Ps. El mecedor no trae la opcion para el adaptador ac.


----------



## Tavo (Sep 21, 2010)

Pablet dijo:
			
		

> pues en lo unico que debes fijarte es en la tension, ya que por la intensidad seguro que los adaptadores por muy flojhitos que sean llegan de sobra


*ERROR.*

La intensidad (corriente) SI importa. Normalmente un adaptador AC/DC entrega 1A de corriente.
Esas pilas tipo D tiene bastante corriente, estimo unos 2 - 2,5 amperes por pila.
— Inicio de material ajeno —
(* Let $G$ and $H$ be finite abelian groups. Then $G\cong H$ if and only if there exist an integer $r\geq 1$ and integers $m_1,\dots,m_r,n_1,\dots,n_r\geq 2$ such that $\gcd(m_1,m_2,\dots,m_r)=\gcd(n_1,n_2,\dots,n_r)$ and the subgroup lattices $L(G^{m_i})$ and $L(H^{n_i})$ are isomorphic for every $i=1,\dots,r$.
   Context: For a group $K$, $L(K)$ denotes the lattice of all subgroups of $K$ ordered by inclusion, and $K^n$ denotes the direct product of $n$ copies of $K$. Isomorphism of subgroup lattices means isomorphism as lattices. *)

From HB Require Import structures.
From mathcomp Require Import all_boot all_fingroup.
Set Implicit Arguments. Unset Strict Implicit. Unset Printing Implicit Defensive.

(* K^n : the direct product of n copies of the finite group type K,
   realised as the group of (dependent) finite functions 'I_n -> K
   with pointwise multiplication (gproduct.v external direct product). *)
Definition gpow (K : finGroupType) (n : nat) : finGroupType :=
  {dffun forall i : 'I_n, (fun _ => K) i}.

(* The subgroup lattices L(A) and L(B) (all subgroups of the whole group,
   ordered by inclusion) are isomorphic as lattices, i.e. there is a
   bijection between subgroups which preserves and reflects inclusion
   (an order isomorphism of lattices is a lattice isomorphism). *)
Definition subgroup_lattice_iso (A B : finGroupType) : Prop :=
  exists f : {group A} -> {group B},
    bijective f /\ forall K L : {group A}, (K \subset L) = (f K \subset f L).

(* A lattice isomorphism between finite abelian groups preserves the orders of
   subgroups as soon as no subgroup of prime order is the only one of its order.
   Indeed, for distinct subgroups X, Y of prime order, X <*> Y has exactly
   #|X| + 1 subgroups of prime order when #|X| = #|Y| and exactly two
   otherwise; counting these fixes the orders of the atoms, then of all
   p-subgroups (along chains of maximal subgroups), then of all subgroups.
   Direct powers G^m with m >= 2 satisfy the hypothesis, and since a subgroup
   lies in 'Ohm_k as soon as its order divides p^k, a lattice isomorphism
   L(G^m) ~ L(H^n) gives |'Ohm_k(G)|^m = |'Ohm_k(H)|^n for all k. Comparing
   p-adic valuations, gcd(m_i) = gcd(n_i) yields |'Ohm_k(G)| = |'Ohm_k(H)|.
   These orders determine a finite abelian group: the p-adic valuation of
   |'Ohm_(e+1)(G) : 'Ohm_e(G)| counts the invariant factors of G divisible by
   p^(e+1). *)

From mathcomp Require Import all_boot all_fingroup all_solvable.
Set Implicit Arguments. Unset Strict Implicit. Unset Printing Implicit Defensive.
Lemma Jneg_actw_comm_nil a b : S a.2 -> S b.2 ->
  Jneg (defect (act a (actw b [::])) (act b (actw a [::])) (sc a b) (actw (ladd a b) [::])).
Proof.
move=> Sa Sb; case na: (lneg a); case nb: (lneg b).
- apply: (Jneg_coef (Jneg_rel (u := [::]) (v := [::]) _ Sa na Sb nb _)) => // w0.
  rewrite coef_relw coef_defect !actw_neg ?lneg_ladd // !coef_act1 !actw_neg // !coef1 /=; ring.
- apply: Jneg_coef0 => w0; rewrite coef_defect (actw_nil (l := b)) ?nb // actw_neg //.
  rewrite coef_act1 coef_actw_cons ?nb // coef_lcons actw_nil ?nb // big_nil.
  rewrite /act bindc_nil coef_nil (laddC b a) /sc (C_anti Sb Sa); ring.
- apply: Jneg_coef0 => w0; rewrite coef_defect (actw_nil (l := a)) ?na // actw_neg //.
  rewrite coef_act1 coef_actw_cons ?na // coef_lcons actw_nil ?na // big_nil.
  rewrite /act bindc_nil coef_nil; ring.
- apply: Jneg_coef0 => w0; rewrite coef_defect !actw_nil ?na ?nb ?nlneg_ladd ?na ?nb //.
  by rewrite /act bindc_nil coef_nil; ring.
Qed.

Lemma Jneg_actw_comm w a b : negw w -> S a.2 -> S b.2 ->
  Jneg (defect (act a (actw b w)) (act b (actw a w)) (sc a b) (actw (ladd a b) w)).
Proof.
elim: w a b => [|c w IH] a b Nw Sa Sb; first exact: Jneg_actw_comm_nil.
case/negw_cons: Nw => [[Sc nc] Nw'].
have NTa := negc_actw Nw' Sa; have NTb := negc_actw Nw' Sb.
apply: (Jneg_comb (ts := [::
  (1, act a (defect (actw b (c :: w)) (lcons c (actw b w)) (sc b c) (actw (ladd b c) w)));
  (1, defect (act a (lcons c (actw b w))) (lcons c (act a (actw b w))) (sc a c) (act (ladd a c) (actw b w)));
  (-1, act b (defect (actw a (c :: w)) (lcons c (actw a w)) (sc a c) (actw (ladd a c) w)));
  (-1, defect (act b (lcons c (actw a w))) (lcons c (act b (actw a w))) (sc b c) (act (ladd b c) (actw a w)));
  (-1, scalec (sc a b) (defect (actw (ladd a b) (c :: w)) (lcons c (actw (ladd a b) w)) (sc (ladd a b) c) (actw (ladd (ladd a b) c) w)));
  (1, lcons c (defect (act a (actw b w)) (act b (actw a w)) (sc a b) (actw (ladd a b) w)));
  (1, scalec (sc a c) (defect (act (ladd a c) (actw b w)) (act b (actw (ladd a c) w)) (sc (ladd a c) b) (actw (ladd (ladd a c) b) w)));
  (1, scalec (sc b c) (defect (act a (actw (ladd b c) w)) (act (ladd b c) (actw a w)) (sc a (ladd b c)) (actw (ladd a (ladd b c)) w)))])).
- apply: Jneg_all_cons; first by apply: Jneg_act => //; apply: Jneg_actw_cons.
  apply: Jneg_all_cons; first exact: Jneg_act_lcons.
  apply: Jneg_all_cons; first by apply: Jneg_act => //; apply: Jneg_actw_cons.
  apply: Jneg_all_cons; first exact: Jneg_act_lcons.
  apply: Jneg_all_cons; first by apply: Jneg_scale_actw_cons => k0; split => //; apply: C_closed.
  apply: Jneg_all_cons; first by apply: Jneg_lcons => //; apply: IH.
  apply: Jneg_all_cons; first by apply: Jneg_scale_if => k0; apply: IH => //; apply: C_closed.
  apply: Jneg_all_cons; last exact: Jneg_all_nil.
  by apply: Jneg_scale_if => k0; apply: IH => //; apply: C_closed.
- move=> w0; rewrite !big_cons big_nil /=.
  rewrite !coef_defect !coef_scalec !coef_act_defect !coef_defect !coef_lcons_defect.
  rewrite (laddAC a c b) -(laddA a b c).
  have Hj := sc_jacobi_anti Sa Sb Sc.
  apply/eqP; rewrite -subr_eq0; apply/eqP.
  transitivity ((sc a c * sc (ladd a c) b + sc b c * sc a (ladd b c) -
    sc a b * sc (ladd a b) c) * coef (actw (ladd a (ladd b c)) w) w0).
    ring.
  by rewrite Hj mul0r.
Qed.

Lemma Jneg_act_comm a b t : S a.2 -> S b.2 -> negc t ->
  Jneg (defect (act a (act b t)) (act b (act a t)) (sc a b) (act (ladd a b) t)).
Proof.
move=> Sa Sb Nt.
have HJ := Jneg_bindc (f := fun w => defect (act a (actw b w)) (act b (actw a w)) (sc a b)
   (actw (ladd a b) w)) (t := t) (fun p pt => Jneg_actw_comm (Nt p pt) Sa Sb).
apply: (Jneg_coef HJ) => w; rewrite coef_defect /act !bindc_comp -/(act _ _) !coef_bindc.
rewrite mulr_sumr -!sumrB; apply: eq_bigr => p _; rewrite coef_defect; ring.
Qed.

Definition act_seq (b : wd) (t : comb wd) : comb wd := foldr act t b.
Definition vacuum : comb wd := [:: (1, [::])].
Definition vac (w : wd) : comb wd := act_seq w vacuum.
Definition onS (w : wd) : Prop := forall x, x \in w -> S x.2.

Lemma act_seq_cat b1 b2 t : act_seq (b1 ++ b2) t = act_seq b1 (act_seq b2 t).
Proof. by rewrite /act_seq foldr_cat. Qed.

Lemma act_seq_nil b : act_seq b [::] = [::].
Proof. by elim: b => //= l b ->. Qed.

Lemma act_seq_defect b X Y k Z :
  coef (act_seq b (defect X Y k Z)) =1 coef (defect (act_seq b X) (act_seq b Y) k (act_seq b Z)).
Proof.
elim: b => //= l b IH w.
by rewrite (bindc_coef_eq _ IH w) -/(act _ _) coef_act_defect coef_defect.
Qed.

Lemma onS_cons c w : onS (c :: w) <-> S c.2 /\ onS w.
Proof.
split.
  move=> H; split; first by apply: H; rewrite inE eqxx.
  by move=> x xw; apply: H; rewrite inE xw orbT.
by case=> Hc Hw x; rewrite inE => /orP [/eqP ->|/Hw].
Qed.

Lemma Jneg_act_seq b t : onS b -> Jneg t -> Jneg (act_seq b t).
Proof.
elim: b => //= l b IH /onS_cons [Sl Sb] Jt; apply: Jneg_act => //; exact: IH.
Qed.

Lemma negc_act_seq b t : onS b -> negc t -> negc (act_seq b t).
Proof.
elim: b => //= l b IH /onS_cons [Sl Sb] Nt; apply: negc_act => //; exact: IH.
Qed.

Lemma negc_vacuum : negc vacuum.
Proof. by move=> p; rewrite inE => /eqP -> x. Qed.

Lemma Jneg_vac_relw b x y c : onS b -> onS c -> S x.2 -> S y.2 -> Jneg (bindc vac (relw b x y c)).
Proof.
move=> Sb Sc Sx Sy.
have HJ := Jneg_act_seq Sb (Jneg_act_comm Sx Sy (negc_act_seq Sc negc_vacuum)).
apply: (Jneg_coef HJ) => w; rewrite act_seq_defect coef_defect coef_bindc_relw /vac !act_seq_cat /=.
by [].
Qed.

Definition homneg (d : int) (ne : bool) (t : comb wd) : Prop :=
  forall p, p \in t -> [/\ all lneg p.2, deg p.2 = d & (ne -> p.2 != [::])].

Lemma homneg_actw l w : all lneg w -> homneg (deg w + l.1) true (actw l w).
Proof.
elim: w l => [|c w IH] l nw.
  case nl: (lneg l); last by rewrite actw_nil ?nl.
  rewrite actw_neg // => p; rewrite inE => /eqP -> /=; split => //.
    by rewrite nl.
  by rewrite deg_cons /deg big_nil; ring.
move: (nw) => /= /andP [nc nw'].
case nl: (lneg l).
  rewrite actw_neg // => p; rewrite inE => /eqP -> /=; split => //.
    by rewrite nl nc.
  rewrite !deg_cons; ring.
rewrite actw_cons ?nl // => p; rewrite mem_cat => /orP [].
  move: p; apply: (mem_bindc (P := fun x => [/\ all lneg x, deg x = deg (c :: w) + l.1 & (true -> x != [::])])).
  move=> q /(IH l nw') [q1 q2 q3] p; rewrite inE => /eqP -> /=; split => //.
    by rewrite nc.
  by rewrite !deg_cons q2; ring.
have [k0|k0] := eqVneq (sc l c) 0 => //.
move=> /mem_scalec [q /(IH _ nw') [q1 q2 q3] ->]; split => //.
by rewrite q2 deg_cons /ladd /=; ring.
Qed.

Lemma homneg_act_seq b d ne t : homneg d ne t ->
  homneg (deg b + d) (ne || (b != [::])) (act_seq b t).
Proof.
elim: b => [|l b IH] Ht /=.
  by rewrite /deg big_nil add0r orbF.
move=> p; apply: (mem_bindc (P := fun x => [/\ all lneg x, deg x = deg (l :: b) + d & (ne || true -> x != [::])])).
move=> q /(IH Ht) [q1 q2 q3] p' /(homneg_actw (l := l) q1) [p1 p2 p3]; split => //.
  by rewrite p2 q2 deg_cons; ring.
by move=> _; apply: p3.
Qed.

Lemma homneg_vacuum : homneg 0 false vacuum.
Proof. by move=> p; rewrite inE => /eqP -> /=; split => //; rewrite /deg big_nil. Qed.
La corriente NO se suma, la tensión, si es en serie, SI.

Creo que tendrías que conseguirte un adaptador de 6V a 3A. Lo más fácil es que consigas un transformador de esas características y lo hagas vos.

Fijate en la sección "Fuentes de alimentación".

Saludos.


----------



## Estampida (Sep 21, 2010)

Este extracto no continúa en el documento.